# your loft set ups.



## keystonepaul (Sep 7, 2009)

How many loft sections do you folks have- One for cocks and breeding during breeding season, one for hens, one for young birds, one for old birds, ect. If you folks could explain your set up so to speak and rationale behind how you have your lofts set up and sectioned that would be very helpful to me- or can add something that relates to the inside of the loft that I didn't ask. THanks Keystonepaul


----------



## spirit wings (Mar 29, 2008)

three, one for breeding, one for just weaned young birds and the third is the team. when I do not have any young birds I just open the door between and let them have both sections. a section for young weaned birds is really a huge help, they stay safer in thier own section once they are out of the nest.


----------



## Deluhathol (Jan 26, 2009)

I have 2 sections in my main loft (youg birds and breeders) and then i have a separate one for my flyers.


----------



## Guest (Oct 2, 2009)

usually its one for cocks which is the breeding section ,one for hens to give them a break after breeding season and one for youngbirds which is the racing team  but you can have more then 1 youngbird section depending on how many birds your going to raise in a year .. check out Lovebirds home page she has the best setup ever so take a wander around there 
http://lovebirdsloft.homestead.com/PAGE1.html


----------



## keystonepaul (Sep 7, 2009)

Thank you all, my loft is forming in my mind and will get on paper soon. I was going to build from scratch, but will probably move my chickens around a bit and take a big chunk of thier building. I'm probably looking at 160 to 200 square feet of an existing building that I can get up and running pretty quickly as oppossed to building from the ground up. I would have a six year old helper so that would speed the work along (right???) . I plan to have things ready in the next month so I can get some birds to breed (have hatched pheasant, turkey, and chickens from egg in the incubator and under broodies so I have some experience though squeakers are a bit different than what I've raised). and have a place to put some squeakers I'll purchase from some other people if available. Well see. Lokota, I've spent some time wandering around Lovebirds website- what a help. Thanks again folks, Keystonepaul


----------



## Guest (Oct 3, 2009)

keystone if you can make anything close to lovebirds setup you are going in the right direction for your birds and yourself cuz her set up is the bomb if you ask me  the more room the better is the rule of thumb


----------



## MaryOfExeter (Sep 30, 2007)

I have been to Renee's house and I love her loft(s)  The only problem I would have is trying to catch the young birds in that big ole loft, haha. But I guess that's one reason she crates them up at night.
My young bird loft is small (or it feels like it when you go in it), but it works great I think. I guess we'll see for sure when the races come  But it's insulated and has a couple spiffy additions that makes it great. I love my loft  Now I just need a new old bird loft and breeder loft, so the old one can go back to the chickens like it was originally


----------



## Lovebirds (Sep 6, 2002)

Gosh, ya'll are talkin' bout me and I didn't even know it!!! LOL
Thanks for all the kind things you said. 
Becky's right. My loft is big. Sometimes TOO big.......and it IS hard to catch the birds. Right she is again when she says I catch my birds at night. 
But, IMO, the more room you have and the more sections you have, the better off you will be.


----------



## Mindy (Apr 2, 2009)

I just went to lovebirds site, what a loft. They did a really great job. 

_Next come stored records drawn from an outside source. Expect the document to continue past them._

Definition dotv (x y : vec R d) : R := \sum_(i < d) tnth x i * tnth y i.
Definition sqnorm (x : vec R d) : R := \sum_(i < d) (tnth x i) ^+ 2.
Definition sqdist (x y : vec R d) : R := \sum_(i < d) (tnth x i - tnth y i) ^+ 2.

Definition M2sq (mu : probability (vec R d) R) : \bar R :=
  (\int[mu]_x (sqnorm x)%:E)%E.
Definition inP2 (mu : probability (vec R d) R) : Prop := (M2sq mu < +oo)%E.
Definition M2 (mu : probability (vec R d) R) : R := Num.sqrt (fine (M2sq mu)).

Definition prob_frame (mu : probability (vec R d) R) : Prop :=
  exists A B : R, 0 < A /\ A <= B /\
    forall x : vec R d,
      ((A * sqnorm x)%:E <= \int[mu]_y ((dotv x y) ^+ 2)%:E)%E /\
      (\int[mu]_y ((dotv x y) ^+ 2)%:E <= (B * sqnorm x)%:E)%E.

Definition tight_frame (mu : probability (vec R d) R) : Prop :=
  exists A : R, 0 < A /\
    forall x : vec R d,
      ((A * sqnorm x)%:E <= \int[mu]_y ((dotv x y) ^+ 2)%:E)%E /\
      (\int[mu]_y ((dotv x y) ^+ 2)%:E <= (A * sqnorm x)%:E)%E.

Definition frame_op (mu : probability (vec R d) R) : 'M[R]_d :=
  \matrix_(i, j) Rintegral mu setT (fun y : vec R d => tnth y i * tnth y j).

Definition lambda_min (mu : probability (vec R d) R) : R :=
  inf [set a : R | eigenvalue (frame_op mu) a].
Definition lambda_max (mu : probability (vec R d) R) : R :=
  sup [set a : R | eigenvalue (frame_op mu) a].

Definition coupling (mu nu : probability (vec R d) R)
    (g : probability (vec R d * vec R d)%type R) : Prop :=
  forall A : set (vec R d), measurable A ->
    g (A `*` setT) = mu A /\ g (setT `*` A) = nu A.

Definition W2 (mu nu : probability (vec R d) R) : R :=
  Num.sqrt (fine (ereal_inf
    [set (\int[g]_z (sqdist z.1 z.2)%:E)%E
      | g in [set g : probability (vec R d * vec R d)%type R | coupling mu nu g]])).

End defs.

From HB Require Import structures.
From mathcomp Require Import all_boot all_order all_algebra.
From mathcomp Require Import all_classical all_reals all_analysis.
From mathcomp Require Import complex measurable_realfun ring lra.
Import Order.TTheory GRing.Theory Num.Theory.
Local Open Scope classical_set_scope.
Local Open Scope ring_scope.

(* If mu is not tight, its symmetric frame operator is not scalar, so by the
   spectral theorem it has two distinct eigenvalues and delta > 0. For an
   eigenvector v with eigenvalue e, the integral of <v,y>^2 is e |v|^2 under mu
   and A |v|^2 under a tight frame nu with bound A. Along any coupling of mu and
   nu, the pointwise bound (AM-GM, t > 0)
     <v,x>^2 - <v,y>^2 <= |v|^2 (t/2 |x - y|^2 + (|x|^2 + |y|^2) / t)
   is symmetric in x and y and integrates to
     |e - A| <= t/2 C + (M_2(mu)^2 + M_2(nu)^2) / t,
   where C is the transport cost of the coupling. Hence delta <= t C + 2 s^2 / t
   with s = M_2(mu) + M_2(nu), and t = 4 s^2 / delta gives C >= (delta/(4 s))^2. *)

Lemma symmx_scalar_or_eigenvalue_lt {R : rcfType} {n : nat} (S : 'M[R]_n) : S^T = S ->
  (exists c, S = c%:M) \/ exists a b, [/\ a < b, eigenvalue S a & eigenvalue S b].
Proof.
case: n S => [|n] S Ssym; first by left; exists 0; apply/matrixP => -[].
pose SC := map_mx (real_complex R) S.
have SCherm : SC \is hermsymmx.
  apply: realsym_hermsym.
    by apply/is_hermitianmxP; rewrite expr0 scale1r map_mx_id // map_trmx Ssym.
  by apply/mxOverP => i j; rewrite mxE; apply/complex_realP; eexists.
have /orthomx_spectralP SCE := hermitian_normalmx SCherm.
have /mxOverP Dreal := hermitian_spectral_diag_real SCherm.
set P := spectralmx SC in SCE; set D := spectral_diag SC in SCE Dreal.
have Punit : P \in unitmx by apply: spectral_unit.
pose r k := complex.Re (D 0 k).
have rE k : real_complex R (r k) = D 0 k by apply: RRe_real.
have eigSC k : eigenvalue SC (D 0 k).
  apply/eigenvalueP; exists (delta_mx 0 k *m P).
    rewrite {1}SCE !mulmxA mulmxK // -[delta_mx 0 k *m diag_mx D]rowE.
    by rewrite row_diag_mx -scalemxAl.
  rewrite mul_mx_rowfree_eq0 ?row_free_unit //; apply/eqP => /matrixP/(_ 0 k).
  by rewrite !mxE !eqxx; apply/eqP; rewrite oner_eq0.
have eigS k : eigenvalue S (r k).
  by rewrite -(eigenvalue_map (real_complex R)); have := eigSC k; rewrite -rE.
have [rconst|] := boolP [forall k, r k == r 0].
  left; exists (r 0); apply: (@map_mx_inj _ _ (real_complex R)).
  rewrite map_scalar_mx -/SC SCE.
  have -> : diag_mx D = (D 0 0)%:M.
    apply/matrixP => i j; rewrite !mxE; congr (_ *+ _).
    by rewrite -[D 0 i]rE -[D 0 0]rE (eqP (forallP rconst i)).
  by rewrite mul_mx_scalar -scalemxAl mulVmx // scalemx1 -[D 0 0]rE.
case/forallPn => k rk0; right.
by case: (ltgtP (r k) (r 0)) rk0 => // rk _;
  [exists (r k), (r 0) | exists (r 0), (r k)].
Qed.

Section euclid.
Context {R : realType} {d : nat}.
Local Notation V := (vec R d).
Implicit Types x y : V.

Lemma sqnorm_ge0 x : 0 <= sqnorm x.
Proof. by apply: sumr_ge0 => i _; exact: sqr_ge0. Qed.

Lemma sqdist_ge0 x y : 0 <= sqdist x y.
Proof. by apply: sumr_ge0 => i _; exact: sqr_ge0. Qed.

Lemma sqdistC x y : sqdist x y = sqdist y x.
Proof. by apply: eq_bigr => i _; rewrite -sqrrN opprB. Qed.

Lemma sqdist_le x y : sqdist x y <= 2 * sqnorm x + 2 * sqnorm y.
Proof.
rewrite /sqdist /sqnorm !mulr_sumr -big_split /=; apply: ler_sum => i _.
have := sqr_ge0 (tnth x i + tnth y i); nra.
Qed.

Lemma tnth_sqr_le_sqnorm x i : tnth x i ^+ 2 <= sqnorm x.
Proof.
by rewrite /sqnorm (bigD1 i) //= lerDl; apply: sumr_ge0 => j _; exact: sqr_ge0.
Qed.

Lemma sqnorm_eq0 x : sqnorm x = 0 -> forall i, tnth x i = 0.
Proof.
move=> x0 i; apply/eqP; rewrite -sqrf_eq0 eq_le sqr_ge0 andbT -x0.
exact: tnth_sqr_le_sqnorm.
Qed.

Lemma dotv_sqr_le x y : dotv x y ^+ 2 <= sqnorm x * sqnorm y.
Proof.
have [x0|x_neq0] := eqVneq (sqnorm x) 0.
  by rewrite x0 mul0r /dotv big1 ?expr0n // => i _; rewrite sqnorm_eq0 ?mul0r.
have x_gt0 : 0 < sqnorm x by rewrite lt_def x_neq0 sqnorm_ge0.
pose s := dotv x y / sqnorm x.
have : 0 <= \sum_i (s * tnth x i - tnth y i) ^+ 2.
  by apply: sumr_ge0 => i _; exact: sqr_ge0.
have -> : \sum_i (s * tnth x i - tnth y i) ^+ 2 =
    sqnorm y - dotv x y ^+ 2 / sqnorm x.
  transitivity (s ^+ 2 * sqnorm x - 2 * s * dotv x y + sqnorm y).
    rewrite /sqnorm /dotv !mulr_sumr -sumrN -!big_split /=.
    by apply: eq_bigr => i _; ring.
  by rewrite /s; field.
by rewrite subr_ge0 ler_pdivrMr // mulrC.
Qed.

Lemma dotvB_sqr_le v x y : (dotv v x - dotv v y) ^+ 2 <= sqnorm v * sqdist x y.
Proof.
pose z : V := [tuple tnth x i - tnth y i | i < d].
have -> : dotv v x - dotv v y = dotv v z.
  by rewrite /dotv -sumrB; apply: eq_bigr => i _; rewrite tnth_mktuple mulrBr.
have -> : sqdist x y = sqnorm z by apply: eq_bigr => i _; rewrite tnth_mktuple.
exact: dotv_sqr_le.
Qed.

Lemma dotv_sqr_le_shift v x y t : 0 < t ->
  dotv v x ^+ 2 <=
  dotv v y ^+ 2 + sqnorm v * (t / 2 * sqdist x y + t^-1 * (sqnorm x + sqnorm y)).
Proof.
move=> t_gt0; set p := dotv v x; set q := dotv v y.
(* AM-GM applied to [p^2 - q^2 = (p - q) (p + q)]. *)
have amgm : p ^+ 2 - q ^+ 2 <= t / 2 * (p - q) ^+ 2 + (p + q) ^+ 2 / (2 * t).
  rewrite -subr_ge0; have -> : t / 2 * (p - q) ^+ 2 + (p + q) ^+ 2 / (2 * t)
      - (p ^+ 2 - q ^+ 2) = (t * (p - q) - (p + q)) ^+ 2 / (2 * t).
    by field; rewrite gt_eqF.
  by rewrite divr_ge0 ?sqr_ge0 // mulr_ge0 // ltW.
have pq_diff : (p - q) ^+ 2 <= sqnorm v * sqdist x y := dotvB_sqr_le v x y.
have pq_sum : (p + q) ^+ 2 <= 2 * (sqnorm v * (sqnorm x + sqnorm y)).
  have := dotv_sqr_le v x; have := dotv_sqr_le v y; have := sqr_ge0 (p - q).
  rewrite -/p -/q; nra.
have t2_ge0 : 0 <= t / 2 by rewrite divr_ge0 // ltW.
have t2_inv_ge0 : 0 <= (2 * t)^-1 by rewrite invr_ge0 mulr_ge0 // ltW.
have := ler_wpM2l t2_ge0 pq_diff; have := ler_wpM2r t2_inv_ge0 pq_sum.
have -> : sqnorm v * (t / 2 * sqdist x y + t^-1 * (sqnorm x + sqnorm y)) =
    t / 2 * (sqnorm v * sqdist x y)
    + 2 * (sqnorm v * (sqnorm x + sqnorm y)) / (2 * t).
  by field; rewrite gt_eqF.
lra.
Qed.

Definition qform (S : 'M[R]_d) x : R :=
  \sum_i \sum_j tnth x i * tnth x j * S i j.

Lemma qform_scalar c x : qform c%:M x = c * sqnorm x.
Proof.
rewrite /qform /sqnorm mulr_sumr; apply: eq_bigr => i _.
rewrite (bigD1 i) //= big1 => [|j /negbTE ji]; last by rewrite !mxE eq_sym ji mulr0.
by rewrite !mxE eqxx addr0 mulr1n mulrC expr2.
Qed.

Lemma eigenvalue_qform (S : 'M[R]_d) a : eigenvalue S a ->
  exists2 v, 0 < sqnorm v & qform S v = a * sqnorm v.
Proof.
move/eigenvalueP => [w wS w_neq0]; exists [tuple w 0 i | i < d].
  rewrite lt_def sqnorm_ge0 andbT; apply: contra w_neq0 => /eqP/sqnorm_eq0 w0.
  by apply/eqP/matrixP => i j; rewrite (ord1 i) mxE -(w0 j) tnth_mktuple.
rewrite /qform /sqnorm exchange_big mulr_sumr; apply: eq_bigr => j _.
move/matrixP: wS => /(_ 0 j); rewrite !mxE !tnth_mktuple => wSj.
transitivity (w 0 j * \sum_i w 0 i * S i j).
  by rewrite mulr_sumr; apply: eq_bigr => i _; rewrite !tnth_mktuple; ring.
by rewrite wSj; ring.
Qed.

Lemma measurable_sqnorm : measurable_fun setT (@sqnorm R d).
Proof.
by apply: measurable_sum => i; apply: measurable_funX; exact: measurable_tnth.
Qed.

Lemma measurable_dotv x : measurable_fun setT (dotv x).
Proof.
by apply: measurable_sum => i; apply: measurable_funM => //; exact: measurable_tnth.
Qed.

Lemma measurable_sqdist {dT} {T : measurableType dT} (p q : T -> V) :
  measurable_fun setT p -> measurable_fun setT q ->
  measurable_fun setT (fun u => sqdist (p u) (q u)).
Proof.
move=> mp mq; apply: measurable_sum => i; apply: measurable_funX.
by apply: measurable_funB; exact: measurableT_comp (measurable_tnth i) _.
Qed.

End euclid.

Paul, Can't wait for you to start up, show us pictures and I'm sure the 6 year old will be a big help. min


----------



## keystonepaul (Sep 7, 2009)

Yep he'll be a "BIG" er.....help.........yep that's it... help... just kidding, he's actually pretty good with the dogs and the chickens. Some times I'll be in the yard and here the rooster crow a bunch before I realize it's actually my son letting the chickens know he "speaks" there language. he'll be a good supervisors or foreman some day, "Dad, the you have to change the chickens water'" "Dad, you have to buy more feed your running low" "Dad, you have to clean the water containers on your day offs" Dad, do you think we should bring the brood hen and her eggs inside" Dad, are you gonna check on the chicks before you go to bed... and on and on. He's a great little boy with a great big ole heart though I may be a little biased. Keystonepaul


----------



## BTut (Oct 18, 2009)

Lovebirds said:


> Gosh, ya'll are talkin' bout me and I didn't even know it!!! LOL
> Thanks for all the kind things you said.
> Becky's right. My loft is big. Sometimes TOO big.......and it IS hard to catch the birds. Right she is again when she says I catch my birds at night.
> But, IMO, the more room you have and the more sections you have, the better off you will be.


You have an amazing loft. its made me feel like my loft is a closet or a shoe box size two infant WOW
Bill


----------